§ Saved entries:
(* Let $\Gamma$ be a connected finite simple graph on $N\ge3$ vertices with $\varepsilon>\frac12$. Then: (1) if $u\ne w$ are vertices with $\deg u=\deg w=1$, there is no vertex $v$ with $u\sim v\sim w$; (2) there are no three distinct vertices $u\sim v\sim w$ with $\deg u,\deg v,\deg w\in\{1,2\}$.
   Context: For a finite simple graph $\Gamma=(V,E)$ without isolated vertices, $\deg v$ is the number of neighbours of $v$ and $\mathcal N(v)=\{w\in V: w\sim v\}$. The normalized Laplacian acts on functions $f:V\to\mathbb R$ by $\Delta f(v)=f(v)-\frac{1}{\deg v}\sum_{w\sim v}f(w)$; its eigenvalues are $0=\lambda_1\le\lambda_2\le\dots\le\lambda_N$, and $\varepsilon:=\min_i|1-\lambda_i|$. *)

From HB Require Import structures.
From mathcomp Require Import all_boot all_order all_algebra.
From mathcomp Require Import reals.
Set Implicit Arguments. Unset Strict Implicit. Unset Printing Implicit Defensive.
Import Order.TTheory GRing.Theory Num.Theory.
Local Open Scope ring_scope.

Definition simple_graph (n : nat) (e : rel 'I_n) : Prop :=
  symmetric e /\ irreflexive e.

Definition connected_graph (n : nat) (e : rel 'I_n) : Prop :=
  forall x y : 'I_n, connect e x y.

Definition deg (n : nat) (e : rel 'I_n) (v : 'I_n) : nat := #|[set w | e v w]|.

(* Matrix of the normalized Laplacian:
   (Delta f)(v) = f(v) - (1/deg v) * sum_{w ~ v} f(w). *)
Definition norm_laplacian (R : realType) (n : nat) (e : rel 'I_n) : 'M[R]_n :=
  \matrix_(i, j) ((i == j)%:R - (e i j)%:R / (deg e i)%:R).

(* "epsilon > c" where epsilon = min_i |1 - lambda_i| over the eigenvalues
   of the normalized Laplacian (all real, as Delta is similar to a symmetric
   matrix), i.e. every eigenvalue lambda satisfies c < |1 - lambda|. *)
Definition eps_gt (R : realType) (n : nat) (e : rel 'I_n) (c : R) : Prop :=
  forall lam : R, eigenvalue (norm_laplacian R e) lam -> c < `|1 - lam|.

(* With D the degree matrix and A the adjacency matrix, 1 - Delta = D^-1 A is
   similar to the symmetric matrix S = D^-1/2 A D^-1/2, so epsilon > c says that
   every eigenvalue of S has modulus > c.  By the spectral theorem this gives
   |y S|^2 > c^2 |y|^2 for y <> 0, which for y = f D^1/2 reads
     sum_j (sum_(i ~ j) f i)^2 / deg j > c^2 sum_i deg i * (f i)^2.
   For c = 1/2 each forbidden configuration violates this for a test function
   supported on two vertices at distance two: f = 1 and -1 on two leaves with
   a common neighbour (the left side vanishes), f = 2 and -1 on the ends of a
   path x ~ u ~ v with deg x = 1 and deg u = deg v = 2, and f = 1 and -1 on the
   ends of a path of three vertices of degree 2, whose other neighbours have
   degree at least 2 by the previous case. *)

From HB Require Import structures.
From mathcomp Require Import all_boot all_order all_algebra.
From mathcomp Require Import reals complex ring lra.
Set Implicit Arguments.
Unset Strict Implicit.
Unset Printing Implicit Defensive.
Import Order.TTheory GRing.Theory Num.Theory.
Local Open Scope ring_scope.
Local Open Scope sesquilinear_scope.

Section HermitianBound.
Variable C : numClosedFieldType.

Lemma mulmx_trmxC_row n (y : 'rV[C]_n) : (y *m y^t*) 0 0 = \sum_k `|y 0 k| ^+ 2.
Proof. by rewrite !mxE; apply: eq_bigr => k _; rewrite !mxE normCK. Qed.

Lemma eigenvalue_spectral_diag n (A : 'M[C]_n) k :
  A \is normalmx -> eigenvalue A (spectral_diag A 0 k).
Proof.
move=> /orthomx_spectralP hA; set U := spectralmx A.
have Uunit : U \in unitmx := spectral_unit A.
apply/eigenvalueP; exists (row k U).
  by rewrite -row_mul {1}hA !mulmxA mulmxV // mul1mx row_mul row_diag_mx -scalemxAl -rowE.
have ek : row k U *m invmx U = 'e_k by rewrite -row_mul mulmxV // rowE mulmx1.
apply/negP => /eqP Uk0; move: ek; rewrite Uk0 mul0mx => /matrixP/(_ 0 k)/eqP.
by rewrite !mxE !eqxx mulr1n eq_sym oner_eq0.
Qed.

Lemma hermitian_sqrnorm_gt n (A : 'M[C]_n) (c : C) (y : 'rV[C]_n) :
  A \is hermsymmx -> 0 <= c ->
  (forall a, eigenvalue A a -> a \is Num.real -> c < `|a|) -> y != 0 ->
  c ^+ 2 * (y *m y^t*) 0 0 < ((y *m A) *m (y *m A)^t*) 0 0.
Proof.
move=> Aherm c0 cA y0; set U := spectralmx A; set D := spectral_diag A.
have Uu : U \is unitarymx := spectral_unitarymx A.
have hA : A = U^t* *m diag_mx D *m U.
  by rewrite -invmx_unitary //; exact/orthomx_spectralP/hermitian_normalmx.
have cD k : c < `|D 0 k|.
  apply: cA; first exact/eigenvalue_spectral_diag/hermitian_normalmx.
  by move/mxOverP: (hermitian_spectral_diag_real Aherm); apply.
have sqrnormU (x : 'rV_n) : (x *m U) *m (x *m U)^t* = x *m x^t*.
  by rewrite trmx_mul map_mxM mulmxA mulmxtVK.
set z := y *m U^t*.
have yz : y = z *m U by rewrite /z mulmxKtV.
have yA : y *m A = z *m diag_mx D *m U by rewrite yz hA !mulmxA mulmxtVK.
have [k zk] : exists k, z 0 k != 0.
  by apply/rV0Pn; apply: contraNneq y0 => z0; rewrite yz z0 mul0mx.
have -> : y *m y^t* = z *m z^t* by rewrite yz sqrnormU.
rewrite yA sqrnormU !mulmx_trmxC_row mulr_sumr.
rewrite (bigD1 k) //= [X in _ < X](bigD1 k) //=.
have zD j : (z *m diag_mx D) 0 j = z 0 j * D 0 j by rewrite mul_mx_diag mxE.
have cD2 j : c ^+ 2 <= `|D 0 j| ^+ 2 by rewrite lerXn2r ?nnegrE // ltW.
apply: ltr_leD; last first.
  apply: ler_sum => j _; rewrite zD normrM exprMn mulrC.
  by rewrite ler_wpM2l ?exprn_ge0.
rewrite zD normrM exprMn mulrC ltr_pM2l ?exprn_gt0 ?normr_gt0 //.
by rewrite ltrXn2r ?nnegrE.
Qed.

End HermitianBound.

Lemma symmetric_sqrnorm_gt (R : rcfType) n (S : 'M[R]_n) (c : R) (y : 'rV[R]_n) :
  S^T = S -> 0 <= c -> (forall a, eigenvalue S a -> c < `|a|) -> y != 0 ->
  c ^+ 2 * (y *m y^T) 0 0 < ((y *m S) *m (y *m S)^T) 0 0.
Proof.
move=> ST c0 cS y0; pose f := real_complex R.
have trmxC_f m p (M : 'M[R]_(m, p)) : (map_mx f M)^t* = map_mx f M^T.
  by apply/matrixP => i j; rewrite !mxE conj_Creal //; apply/complex_realP; exists (M j i).
have f11 (M : 'M[R]_1) : (map_mx f M) 0 0 = f (M 0 0) by rewrite mxE.
have := @hermitian_sqrnorm_gt _ _ (map_mx f S) (c%:C)%C (map_mx f y).
rewrite -map_mxM !trmxC_f -!map_mxM !f11 -rmorphXn -rmorphM ltcR; apply.
- by apply/is_hermitianmxP; rewrite expr0 scale1r trmxC_f ST.
- by rewrite ler0c.
- move=> _ /[swap] /complex_realP [a ->].
  rewrite eigenvalue_root_char -map_char_poly fmorph_root -eigenvalue_root_char.
  by rewrite normc_def /= expr0n addr0 sqrtr_sqr ltcR; apply: cS.
- apply: contraNneq y0 => fy0; apply/eqP/matrixP => i j.
  by have := congr1 (fun M : 'rV_n => M i j) fy0; rewrite !mxE; apply: complexI.
Qed.

Lemma sum_supp2 (V : nmodType) (I : finType) (G : I -> V) u w : u != w ->
  (forall i, i != u -> i != w -> G i = 0) -> \sum_i G i = G u + G w.
Proof.
move=> uw G0; rewrite (bigD1 u) //= (bigD1 w) 1?eq_sym //= big1 ?addr0 //.
by move=> i /andP [iu iw]; apply: G0.
Qed.

Section NormalizedLaplacian.
Variables (R : realType) (n : nat) (e : rel 'I_n).
Hypothesis e_sym : symmetric e.
Hypothesis deg_gt0 : forall v, (0 < deg e v)%N.

Local Notation d v := ((deg e v)%:R : R).
Local Notation sqd v := (Num.sqrt (d v)).

Definition sym_norm_adjacency : 'M[R]_n :=
  \matrix_(i, j) ((e i j)%:R / (sqd i * sqd j)).

Let sqd_neq0 v : sqd v != 0. Proof. by rewrite gt_eqF ?sqrtr_gt0 ?ltr0n. Qed.
Let sqd_sqr v : sqd v ^+ 2 = d v. Proof. by rewrite sqr_sqrtr ?ler0n. Qed.

Lemma eigenvalue_sym_norm_adjacency mu :
  eigenvalue sym_norm_adjacency mu -> eigenvalue (norm_laplacian R e) (1 - mu).
Proof.
case/eigenvalueP => v vS v0; apply/eigenvalueP; exists (\row_i (v 0 i * sqd i)).
  have -> : norm_laplacian R e = 1%:M - \matrix_(i, j) ((e i j)%:R / d i).
    by apply/matrixP => i j; rewrite !mxE.
  rewrite mulmxBr mulmx1 scalerBl scale1r; congr (_ - _).
  apply/rowP => j; have := congr1 (fun M : 'rV_n => M 0 j) vS; rewrite !mxE => vSj.
  rewrite mulrA -vSj mulr_suml; apply: eq_bigr => i _; rewrite !mxE.
  move: (sqd_neq0 i) (sqd_neq0 j) (sqd_sqr i).
  set si := sqd i; set sj := sqd j; clearbody si sj => si0 sj0 <-.
  by field; rewrite si0 sj0.
apply: contraNneq v0 => /rowP v0; apply/eqP/rowP => k.
by have /eqP := v0 k; rewrite !mxE mulf_eq0 (negbTE (sqd_neq0 k)) orbF => /eqP.
Qed.

Lemma norm_laplacian_test_bound (c : R) (f : 'I_n -> R) k :
  0 <= c -> eps_gt e c -> f k != 0 ->
  c ^+ 2 * \sum_i f i ^+ 2 * d i <
  \sum_j (\sum_i f i * (e i j)%:R) ^+ 2 / d j.
Proof.
move=> c0 ceps fk; pose y := \row_i (f i * sqd i).
have y0 : y != 0 by apply/rV0Pn; exists k; rewrite mxE mulf_neq0.
have ST : sym_norm_adjacency^T = sym_norm_adjacency.
  by apply/matrixP => i j; rewrite !mxE e_sym (mulrC (sqd j)).
have cS a : eigenvalue sym_norm_adjacency a -> c < `|a|.
  by move/eigenvalue_sym_norm_adjacency/ceps; rewrite opprB addrC subrK.
have := symmetric_sqrnorm_gt ST c0 cS y0.
have -> : (y *m y^T) 0 0 = \sum_i f i ^+ 2 * d i.
  by rewrite mxE; apply: eq_bigr => i _; rewrite !mxE mulrACA -!expr2 sqd_sqr.
have yS j : (y *m sym_norm_adjacency) 0 j = (\sum_i f i * (e i j)%:R) / sqd j.
  rewrite mxE mulr_suml; apply: eq_bigr => i _; rewrite !mxE.
  by field; rewrite !sqd_neq0.
congr (_ < _); rewrite mxE; apply: eq_bigr => j _.
by rewrite [_^T _ _]mxE yS -expr2 expr_div_n sqd_sqr.
Qed.

Lemma two_point_test_bound (c a b : R) u w :
  0 <= c -> eps_gt e c -> u != w -> a != 0 ->
  c ^+ 2 * (a ^+ 2 * d u + b ^+ 2 * d w) <
  \sum_j (a * (e u j)%:R + b * (e w j)%:R) ^+ 2 / d j.
Proof.
move=> c0 ceps uw a0.
pose f i := if i == u then a else if i == w then b else 0.
have fu : f u = a by rewrite /f eqxx.
have fw : f w = b by rewrite /f eq_sym (negbTE uw) eqxx.
have f0 i : i != u -> i != w -> f i = 0 by rewrite /f => /negbTE -> /negbTE ->.
have := @norm_laplacian_test_bound c f u c0 ceps; rewrite fu => /(_ a0).
rewrite (sum_supp2 uw) => [|i iu iw]; last by rewrite f0 // expr0n mul0r.
rewrite fu fw; congr (_ < _); apply: eq_bigr => j _.
by rewrite (sum_supp2 uw) => [|i iu iw]; rewrite ?fu ?fw // f0 ?mul0r.
Qed.

End NormalizedLaplacian.

Lemma sumr_indicator (R : pzSemiRingType) (I : finType) (P : pred I) :
  \sum_i ((P i)%:R : R) = #|P|%:R.
Proof.
rewrite -sumr_const [RHS]big_mkcond; apply: eq_bigr => i _.
by rewrite unfold_in; case: (P i).
Qed.

Lemma natr_inv_le (F : numFieldType) m k : (0 < m)%N -> (m <= k)%N ->
  (k%:R : F)^-1 <= (m%:R)^-1.
Proof.
move=> m0 mk; rewrite lef_pV2 ?posrE ?ltr0n ?ler_nat //.
exact: leq_trans mk.
Qed.

Lemma deg1_adj_eq n (e : rel 'I_n) u v w :
  deg e u = 1%N -> e u v -> e u w -> w = v.
Proof.
move=> /eqP/cards1P [x Nu] euv euw.
have : v \in [set y | e u y] by rewrite inE.
have : w \in [set y | e u y] by rewrite inE.
by rewrite Nu !inE => /eqP -> /eqP ->.
Qed.

Lemma sum_other_neighbours (R : pzSemiRingType) n (e : rel 'I_n) w v :
  e w v -> \sum_j (((e w j) && (j != v))%:R : R) = (deg e w).-1%:R.
Proof.
move=> ewv; rewrite sumr_indicator /deg (cardsD1 v) inE ewv /=.
by congr _%:R; apply: eq_card => j; rewrite !inE andbC.
Qed.

Lemma connected_deg_gt0 n (e : rel 'I_n) :
  connected_graph e -> (1 < n)%N -> forall v, (0 < deg e v)%N.
Proof.
move=> conn n1 v.
have [w wv] : exists w : 'I_n, w != v.
  have [->|v0] := eqVneq v (Ordinal (ltnW n1)); first by exists (Ordinal n1).
  by exists (Ordinal (ltnW n1)); rewrite eq_sym.
have /connectP [[|x p] /= vp wE] := conn v w; first by rewrite -wE eqxx in wv.
by case/andP: vp => evx _; rewrite /deg card_gt0; apply/set0Pn; exists x; rewrite inE.
Qed.

Section HalfSpectralGap.
Variables (R : realType) (n : nat) (e : rel 'I_n).
Hypothesis e_sym : symmetric e.
Hypothesis deg_gt0 : forall v, (0 < deg e v)%N.
Hypothesis eps_half : eps_gt e (2^-1 : R).

Let half_ge0 : 0 <= 2^-1 :> R. Proof. by rewrite invr_ge0 ler0n. Qed.

Lemma leaves_no_common_neighbour u v w :
  u != w -> deg e u = 1%N -> deg e w = 1%N -> e u v -> ~~ e v w.
Proof.
move=> uw du dw euv; apply/negP => evw; have ewv : e w v by rewrite e_sym.
have Nuw j : e u j = e w j.
  by apply/idP/idP => [/(deg1_adj_eq du euv)|/(deg1_adj_eq dw ewv)] ->.
have := two_point_test_bound e_sym deg_gt0 (-1) half_ge0 eps_half uw (oner_neq0 R).
rewrite big1 => [|j _]; last by rewrite Nuw mul1r mulN1r subrr expr0n mul0r.
by rewrite du dw; lra.
Qed.

Lemma no_leaf_deg2_deg2_path x u v :
  deg e x = 1%N -> deg e u = 2%N -> deg e v = 2%N -> e x u -> ~~ e u v.
Proof.
move=> dx du dv exu; apply/negP => euv; have evu : e v u by rewrite e_sym.
have xv : x != v by apply: contra_eq_neq dx => ->; rewrite dv.
have two_neq0 : 2 != 0 :> R by rewrite pnatr_eq0.
have test := two_point_test_bound e_sym deg_gt0 (-1) half_ge0 eps_half xv two_neq0.
suff : \sum_j (2 * (e x j)%:R + -1 * (e v j)%:R) ^+ 2 / (deg e j)%:R <=
       \sum_j (((j == u)%:R : R) / 2 + ((e v j) && (j != u))%:R).
  rewrite big_split /= -mulr_suml sumr_indicator card1 sum_other_neighbours //.
  by move: test; rewrite dx dv /=; lra.
apply: ler_sum => j _; have [->|ju] := eqVneq j u; first by rewrite exu evu du /=; lra.
have -> : e x j = false by apply: contra_neqF ju => /(deg1_adj_eq dx exu).
case: (e v j) => /=; last lra.
by have := natr_inv_le R (isT : (0 < 1)%N) (deg_gt0 j); rewrite invr1; lra.
Qed.

Lemma no_deg2_path u v w : u != w ->
  deg e u = 2%N -> deg e v = 2%N -> deg e w = 2%N -> e u v -> ~~ e v w.
Proof.
move=> uw du dv dw euv; apply/negP => evw; have ewv : e w v by rewrite e_sym.
have deg_ge2 x j : deg e x = 2%N -> e x v -> e x j -> (1 < deg e j)%N.
  move=> dx exv exj; rewrite ltn_neqAle deg_gt0 andbT eq_sym; apply/eqP => dj.
  by have := no_leaf_deg2_deg2_path dj dx dv; rewrite e_sym exj exv => /(_ isT).
have test := two_point_test_bound e_sym deg_gt0 (-1) half_ge0 eps_half uw (oner_neq0 R).
suff : \sum_j (1 * (e u j)%:R + -1 * (e w j)%:R) ^+ 2 / (deg e j)%:R <=
       \sum_j ((((e u j) && (j != v))%:R + ((e w j) && (j != v))%:R) / 2 : R).
  rewrite -mulr_suml big_split /= !sum_other_neighbours //.
  by move: test; rewrite du dw /=; lra.
apply: ler_sum => j _; have [->|jv] := eqVneq j v; first by rewrite euv ewv /=; lra.
have half_inv x : deg e x = 2%N -> e x v -> e x j -> ((deg e j)%:R : R)^-1 <= 2^-1.
  by move=> dx exv exj; apply: natr_inv_le => //; apply: deg_ge2 exj.
case euj: (e u j); case ewj: (e w j) => /=; try lra.
  by have := half_inv u du euv euj; lra.
by have := half_inv w dw ewv ewj; lra.
Qed.

End HalfSpectralGap.

Theorem mainTheorem16 (R : realType) (n : nat) (e : rel 'I_n) :
  simple_graph e -> connected_graph e -> (3 <= n)%N ->
  eps_gt e (2^-1 : R) ->
  (forall u v w : 'I_n, u != w -> deg e u = 1%N -> deg e w = 1%N ->
     ~ (e u v /\ e v w)) /\
  (forall u v w : 'I_n, u != v -> v != w -> u != w -> e u v -> e v w ->
     ~ [/\ (deg e u == 1)%N || (deg e u == 2)%N,
           (deg e v == 1)%N || (deg e v == 2)%N &
           (deg e w == 1)%N || (deg e w == 2)%N]).
Proof.
move=> [e_sym _] conn n3 eps_half.
have deg_gt0 := connected_deg_gt0 conn (ltnW n3).
split=> [u v w uw du dw [euv]|u v w _ _ uw euv evw [du dv dw]].
  exact/negP/(leaves_no_common_neighbour e_sym deg_gt0 eps_half uw du dw euv).
have evu : e v u by rewrite e_sym.
have {dv} dv : deg e v = 2%N.
  case/orP: dv => /eqP // dv.
  by move: uw; rewrite (deg1_adj_eq dv evu evw) eqxx.
case/orP: du => /eqP du; case/orP: dw => /eqP dw.
- by move: evw; apply/negP/(leaves_no_common_neighbour e_sym deg_gt0 eps_half uw du dw euv).
- by move: evw; apply/negP/(no_leaf_deg2_deg2_path e_sym deg_gt0 eps_half du dv dw euv).
- by move: evu; apply/negP/(no_leaf_deg2_deg2_path e_sym deg_gt0 eps_half dw dv du); rewrite e_sym.
- by move: evw; apply/negP/(no_deg2_path e_sym deg_gt0 eps_half uw du dv dw euv).
Qed.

§ WHAT IS NEEDED:
Which lines above run from the one containing "apply/eigenvalueP; exists (row k U)." down to the one containing "A \is hermsymmx -> 0 <= c ->"? Repeat exactly those, both ends included, and nothing else.

§ ANSWER BELOW:
apply/eigenvalueP; exists (row k U).
  by rewrite -row_mul {1}hA !mulmxA mulmxV // mul1mx row_mul row_diag_mx -scalemxAl -rowE.
have ek : row k U *m invmx U = 'e_k by rewrite -row_mul mulmxV // rowE mulmx1.
apply/negP => /eqP Uk0; move: ek; rewrite Uk0 mul0mx => /matrixP/(_ 0 k)/eqP.
by rewrite !mxE !eqxx mulr1n eq_sym oner_eq0.
Qed.

Lemma hermitian_sqrnorm_gt n (A : 'M[C]_n) (c : C) (y : 'rV[C]_n) :
  A \is hermsymmx -> 0 <= c ->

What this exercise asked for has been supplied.